Other smart people are drawing the same conclusion as Matsumura: This was a complicated project, yes, but it was crippled by bad management.
“The real problems are with the back end of the software,” Dan Hanson wrote on Marginal Revolution, a blog run by economist Tyler Cowen. “When you try to get a quote for health insurance, the system has to connect to computers at the IRS, the VA, Medicaid/CHIP, various state agencies, Treasury, and HHS. They also have to connect to all the health plan carriers to get pre-subsidy pricing. All of these queries receive data that is then fed into the online calculator to give you a price. If any of these queries fails, the whole transaction fails.”
That gives you a peek at what is so complicated about the site, but it’s not an unheard-of level of complexity. The real problem seems to be that the project was run without effective oversight.
“The best way to do a project of this size is to iterate around a core of 4-5 extremely elite engineers who are building a platform based around something extremely scalable,” Matsumura said. “Once you have that nucleus in place, you can begin to integrate applications.
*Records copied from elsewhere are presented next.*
Lemma Ekmod_wmod (a b beta k : F) : is_wmod a b (Ekmod 1 beta (- beta) k).
Proof.
rewrite /is_wmod /=.
do !split.
- move=> s [p y] [q z] /=; split_pair; first by expand_polyC; ring.
  by rewrite ?scaleO; ring.
- move=> l s [p y] [q z] /=; split_pair; last by rewrite mulr0 addr0.
  by expand_polyC; ring.
- by move=> l s [p y] [q z] /=; rewrite scaler0 addr0.
- move=> [p y].
  have e l : ((wL (Mmod 1 beta) l p, 0) : {poly F} * F^o) + ((k * y)%:P, 0)
      = (wL (Mmod 1 beta) l p + (k * y)%:P, 0).
    by rewrite pairD addr0.
  apply: (polyfun_ext e); apply: polyfunD (polyfun_const _).
  apply: (@polyfun_lin _ _ _ (fun u : {poly F} => ((u, 0) : {poly F} * F^o)))
    (polyfun_Mmod _ _ _).
  by move=> s u v; rewrite pairZ pairD scaler0 addr0.
- by move=> _; apply: polyfun_const.
- move=> l [p y] /=; split_pair; last by rewrite !mulr0 addr0.
  by rewrite comp_polyD comp_polyM; set P := p \Po _; expand_polyC; ring.
- by move=> l _; split_pair; rewrite ?mulr0 ?scaler0 ?addr0.
- move=> l mu [p y] /=.
  rewrite !comp_polyD !comp_polyM !comp_shift [mu + l]addrC; set P := p \Po _.
  split_pair; last by rewrite ?scaleO; ring.
  by expand_polyC; ring.
- by move=> l mu _; split_pair;
    rewrite ?comp_poly0 ?mul0r ?mulr0 ?scaler0 ?add0r ?subr0 ?oppr0.
- by move=> l mu _; split_pair;
    rewrite ?comp_poly0 ?mul0r ?mulr0 ?scaler0 ?add0r ?subr0 ?oppr0.
- by move=> l mu _; rewrite subr0.
Qed.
Even with such a paradigm, you have issues about distributed application clustering and scalability.
“Sadly, there are web applications for less important things that have handled way more traffic.”
Let’s not even get into how many lines of code it took to build HealthCare.gov. One of the estimates being bandied about is that it contains 500 million lines of code — an absurd figure, as it translates to 10 times the amount of code in Windows Vista, or, if you figure 500 developers were banging away at their keyboards for a whole year, about 83,000 lines of code for every man-month. (The man-month is a mythical concept used by old-school tech developers and, perhaps, government contractors.)
Let’s just say that HealthCare.gov is fantastically complex and lacked the competent oversight that such a complicated tech project demands.
It’s telling that CGI was saying that testing the service was the government’s responsibility and wasn’t part of its contract. If so, then shame on the feds for offering CGI a contract without testing built in. You just can’t build and deploy a site like this without extensive testing, and that testing needs to be tightly integrated with the development of the site.
“None of these missteps would have occurred if the contractors had taken a gradual, agile approach,” Practice Fusion cofounder Matthew Douglass wrote this week on VentureBeat. Practice Fusion, by the way, has built a successful, nationwide platform for electronic health records now used by over 100,000 medical professionals. Its total fundraising to date? Just $140 million.
President Barack Obama took to the Rose Garden a week ago to talk about how disappointed he was in the site and to promise a “tech surge” aimed at fixing it. (As if that will work.) Secretary of Health and Human Services Kathleen Sebelius spent hours on Capitol Hill this week, offering her apologies and getting grilled by Congressmen about the site’s failure.
But any number of apologies won’t fix this basic fact: As with so many other government projects, we’ve thrown hundreds of millions of dollars at a problem that could have been solved with a fraction of the expenditure — if someone in charge actually knew what they were doing.